On 22nd June 2017, the U.S. Food and Drug Administration (FDA) granted approval to Rituxan Hycela™, a combination of rituximab and hyaluronidase human, for the subcutaneous treatment of adult patients with previously untreated and Relapsed or Refractory (R/R) Follicular Lymphoma (FL), previously untreated Diffuse Large B-cell Lymphoma (DLBCL), and previously untreated and previously treated Chronic Lymphocytic Leukemia (CLL).1

Rituxan Hycela™ is a novel co-formulation of the same monoclonal antibody as Intravenous (IV) rituximab (Rituxan), along with the molecule hyaluronidase human, an enzyme which aids the delivery of rituximab under the skin.

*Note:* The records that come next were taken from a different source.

(* Let $E,F$ be Banach spaces, $a\in E$, $1\le p,q<\infty$, and let $f:E\rightarrow F$ be absolutely $(p;q)$-summing at $a$. Then for every sequence $(x_{j})_{j=1}^{\infty}\in l_{q}^{u}(E)$ one has $(f(a+x_{j})-f(a))_{j=1}^{\infty}\in l_{p}(F)$.
   Context: For a sequence $(x_j)$ in $E$, $\Vert(x_{j})_{j}\Vert_{w,q}:=\sup_{\varphi\in B_{E'}}(\sum_{j}|\varphi(x_{j})|^{q})^{1/q}$; $l_q^w(E)$ is the space of sequences with this quantity finite, and $l_{q}^{u}(E)$ is the subspace of those with $\lim_{m\to\infty}\Vert(x_{j})_{j=m}^{\infty}\Vert_{w,q}=0$ (unconditionally $q$-summable sequences). $l_p(F)$ is the space of sequences $(y_j)$ in $F$ with $\sum_j\Vert y_j\Vert^p<\infty$. An arbitrary mapping $f:E\to F$ is called absolutely $(p;q)$-summing at $a$ if there exist $M_a,\delta_a,r_a>0$ with $\sum_{j=1}^{k}\Vert f(a+x_{j})-f(a)\Vert^{p}\leq M_{a}\Vert(x_{j})_{j=1}^{k}\Vert_{w,q}^{r_{a}}$ for all $k$ and all $x_1,\dots,x_k\in E$ with $\Vert(x_{j})_{j=1}^{k}\Vert_{w,q}<\delta_{a}$. *)

From HB Require Import structures.
From mathcomp Require Import all_boot all_order all_algebra.
From mathcomp Require Import all_classical all_reals all_analysis.
Set Implicit Arguments. Unset Strict Implicit. Unset Printing Implicit Defensive.
Import Order.TTheory GRing.Theory Num.Theory.
Import numFieldNormedType.Exports.
Local Open Scope classical_set_scope.
Local Open Scope ring_scope.

(* Closed unit ball B_{E'} of the (topological) dual of a real normed space E:
   linear functionals of operator norm <= 1 (such functionals are automatically
   continuous). *)
Definition dual_ball {R : realType} (E : normedModType R) : set (E -> R) :=
  [set phi | (forall x y : E, phi (x + y) = phi x + phi y) /\
             (forall (c : R) (x : E), phi (c *: x) = c * phi x) /\
             (forall x : E, `|phi x| <= `|x|)].

Definition weak_norm_fin {R : realType} (E : normedModType R) (q : R)
    (x : nat -> E) (k : nat) : \bar R :=
  ereal_sup ((fun phi : E -> R =>
                ((powR (\sum_(j < k) powR `|phi (x j)| q) q^-1)%:E)%E)
             @` @dual_ball R E).

Definition weak_norm_tail {R : realType} (E : normedModType R) (q : R)
    (x : nat -> E) (m : nat) : \bar R :=
  ereal_sup ((fun phi : E -> R =>
                poweR (\sum_(m <= j <oo) ((powR `|phi (x j)| q)%:E))%E q^-1)
             @` @dual_ball R E).

Definition lqu {R : realType} (E : normedModType R) (q : R) : set (nat -> E) :=
  [set x | (weak_norm_tail q x 0 < +oo)%E /\
           weak_norm_tail q x m @[m --> \oo] --> 0%E].

Definition lp {R : realType} (F : normedModType R) (p : R) : set (nat -> F) :=
  [set y | (\sum_(0 <= j <oo) ((powR `|y j| p)%:E) < +oo)%E].

Definition abs_summing_at {R : realType} (E F : normedModType R) (p q : R)
    (f : E -> F) (a : E) : Prop :=
  exists (M delta r : R), 0 < M /\ 0 < delta /\ 0 < r /\
    forall (k : nat) (x : nat -> E),
      (weak_norm_fin q x k < delta%:E)%E ->
      \sum_(j < k) powR `|f (a + x j) - f a| p
        <= M * powR (fine (weak_norm_fin q x k)) r.

(* Since (x_j) is unconditionally q-summable, some weak tail (x_j)_{j >= m} has weak
   q-norm below the radius delta of the summing inequality at a.  Every finite window
   x_m, ..., x_{m+k-1} then has weak norm below delta, so its contributions
   ||f(a + x_j) - f(a)||^p sum to at most M delta^r, uniformly in k.  Adding the
   finitely many terms with j < m bounds all partial sums of the series. *)

From HB Require Import structures.
From mathcomp Require Import all_boot all_order all_algebra.
From mathcomp Require Import all_classical all_reals all_analysis.
Set Implicit Arguments. Unset Strict Implicit. Unset Printing Implicit Defensive.
Import Order.TTheory GRing.Theory Num.Theory.
Import numFieldNormedType.Exports.
Local Open Scope classical_set_scope.
Local Open Scope ring_scope.

Section series.
Variable R : realType.

Lemma nneseries_le_of_sums_le (g : nat -> R) (C : R) :
  (forall j, 0 <= g j) -> (forall n, \sum_(j < n) g j <= C) ->
  (\sum_(0 <= j <oo) (g j)%:E <= C%:E)%E.
Proof.
move=> g0 gC.
have g0E n : (0 <= n)%N -> true -> (0 <= (g n)%:E)%E by rewrite lee_fin.
move/ereal_nondecreasing_series/ereal_nondecreasing_cvgn/cvg_lim : g0E => -> //.
apply: ge_ereal_sup => _ [n _ <-] /=.
by rewrite sumEFin lee_fin big_mkord.
Qed.

Lemma sum_le_of_shifted_sums_le (g : nat -> R) (m : nat) (B : R) :
  (forall j, 0 <= g j) -> (forall n, \sum_(j < n) g (j + m)%N <= B) ->
  forall n, \sum_(j < n) g j <= \sum_(j < m) g j + B.
Proof.
move=> g0 gB n.
have window : \sum_(j < (m + n)%N) g j = \sum_(j < m) g j + \sum_(j < n) g (j + m)%N.
  by rewrite big_split_ord /=; under [X in _ + X = _]eq_bigr do rewrite addnC.
apply: le_trans (_ : \sum_(j < (m + n)%N) g j <= _); last by rewrite window lerD2l.
rewrite -!(big_mkord xpredT) (big_cat_nat (leq0n n) (leq_addl m n)) /= lerDl.
by apply: sumr_ge0 => i _.
Qed.

End series.

Section weak_norm.
Variables (R : realType) (E : normedModType R) (q : R).

Lemma weak_norm_fin_ge0 (x : nat -> E) k : (0 <= weak_norm_fin q x k)%E.
Proof.
apply: le_trans (ereal_sup_ubound _); last first.
  exists (fun _ => 0) => //; split; first by move=> *; rewrite addr0.
  by split=> [*|y]; rewrite ?mulr0 ?normr0.
by rewrite lee_fin powR_ge0.
Qed.

Lemma weak_norm_fin_shift_le_tail (x : nat -> E) m k : 0 <= q ->
  (weak_norm_fin q (fun j => x (j + m)%N) k <= weak_norm_tail q x m)%E.
Proof.
move=> q0; apply: ge_ereal_sup => _ [phi phi_ball <-].
apply: le_trans (ereal_sup_ubound (ex_intro2 _ _ phi phi_ball erefl)).
rewrite -poweR_EFin; apply: gt0_ler_poweR; first by rewrite invr_ge0.
- rewrite in_itv /= leey andbT -sumEFin.
  by apply: sume_ge0 => i _; rewrite lee_fin powR_ge0.
- rewrite in_itv /= leey andbT.
  by apply: nneseries_ge0 => i _ _; rewrite lee_fin powR_ge0.
rewrite -nneseries_addn => [|i]; last by rewrite lee_fin powR_ge0.
apply: le_trans (nneseries_lim_ge k _) => [|i _ _]; last by rewrite lee_fin powR_ge0.
by rewrite big_mkord sumEFin.
Qed.

Lemma lqu_weak_tail_lt (x : nat -> E) (delta : R) : 0 < delta ->
  lqu q x -> exists m, (weak_norm_tail q x m < delta%:E)%E.
Proof.
move=> delta0 [_ /fine_cvgP [tail_fin tail_cvg]].
have [N _ tail_small] := filterI tail_fin (@cvgr_lt _ _ _ _ _ _ tail_cvg _ delta0).
exists N; have [/= tailN_fin tailN_lt] := tail_small N (leqnn N).
by rewrite -(fineK tailN_fin) lte_fin.
Qed.

End weak_norm.

Lemma abs_summing_at_uniform_bound (R : realType) (E F : normedModType R)
    (p q : R) (f : E -> F) (a : E) :
  abs_summing_at p q f a ->
  exists2 delta : R, 0 < delta & exists B : R, forall (k : nat) (x : nat -> E),
    (weak_norm_fin q x k < delta%:E)%E ->
    \sum_(j < k) powR `|f (a + x j) - f a| p <= B.
Proof.
move=> [M [delta [r [M0 [delta0 [r0 summing]]]]]].
exists delta => //; exists (M * powR delta r) => k x small.
apply: le_trans (summing k x small) _; rewrite ler_pM2l //.
move: small (weak_norm_fin_ge0 q x k).
case: (weak_norm_fin q x k) => //= w; rewrite lte_fin lee_fin => /ltW wd w0.
by apply: ge0_ler_powR; rewrite ?nnegrE // ltW.
Qed.

Theorem mainTheorem2 (R : realType) (E F : completeNormedModType R) (a : E)
    (p q : R) (hp : 1 <= p) (hq : 1 <= q) (f : E -> F) :
  abs_summing_at p q f a ->
  forall x : nat -> E, lqu q x ->
    lp p (fun j => f (a + x j) - f a).
Proof.
move=> /abs_summing_at_uniform_bound [delta delta0 [B window_bound]] x x_lqu.
have [m tail_small] := lqu_weak_tail_lt delta0 x_lqu.
set g := fun j => powR `|f (a + x j) - f a| p.
have g0 j : 0 <= g j by exact: powR_ge0.
have shifted_bound n : \sum_(j < n) g (j + m)%N <= B.
  apply: (window_bound n (fun j => x (j + m)%N)).
  apply: le_lt_trans tail_small.
  by apply: weak_norm_fin_shift_le_tail; apply: le_trans hq.
apply: le_lt_trans (ltry (\sum_(j < m) g j + B)).
exact/nneseries_le_of_sums_le/sum_le_of_shifted_sums_le.
Qed.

The approval granted by the FDA is based on results from four clinical studies consisting of nearly 2,000 patients including;

  • The SABRINA study (NCT01200758), a phase III randomized study which accessed the pharmacokinetics, efficacy and safety of Rituxan Hycela™ versus IV rituximab in previously untreated FL patients (read more here)
  • The SAWYER study (NCT01292603), a phase Ib randomized study which compared the safety and pharmacokinetics of Rituxan Hycela™ versus IV rituximab in combination with chemotherapy in previously untreated CLL
  • The MabEase study (NCT01649856), a phase III randomized study evaluating the safety and efficacy of Rituxan Hycela™ versus IV rituximab in combination with chemotherapy in previously untreated DLBCL
  • The PrefMab study (NCT01724021), a phase III randomized study which evaluated the patient preference with Rituxan Hycela™ versus IV rituximab in previously untreated FL and DLBCL

In these studies, Rituxan Hycela™ had a comparable clinical efficacy and resulted in non-inferior levels of rituximab in the blood compared to IV rituximab. Furthermore, results from the PrefMab study revealed that most previously untreated DLBCL and FL patients preferred the subcutaneous administration of rituximab compared to the IV administration.2

Additionally, the incidence of Adverse Events (AEs) were similar with those observed with IV rituximab, with the exception of local skin reactions. In FL patients, the most common AEs observed included infections, neutropenia, nausea, constipation, and fatigue. In DLBCL patients, the most common AEs included infections, neutropenia, hair loss, and anemia. For CLL patients, the most common AEs observed included infections, neutropenia, nausea, thrombocytopenia, fever, vomiting, and erythema at the injection site.1

Genentech, the drug manufacturer, noted that this newly approved Rituxan Hycela™ can be administered under the skin within “minutes instead of hours  through IV infusion” of rituximab. Patients can only receive Rituxan Hycela™ after one full dose of IV rituximab.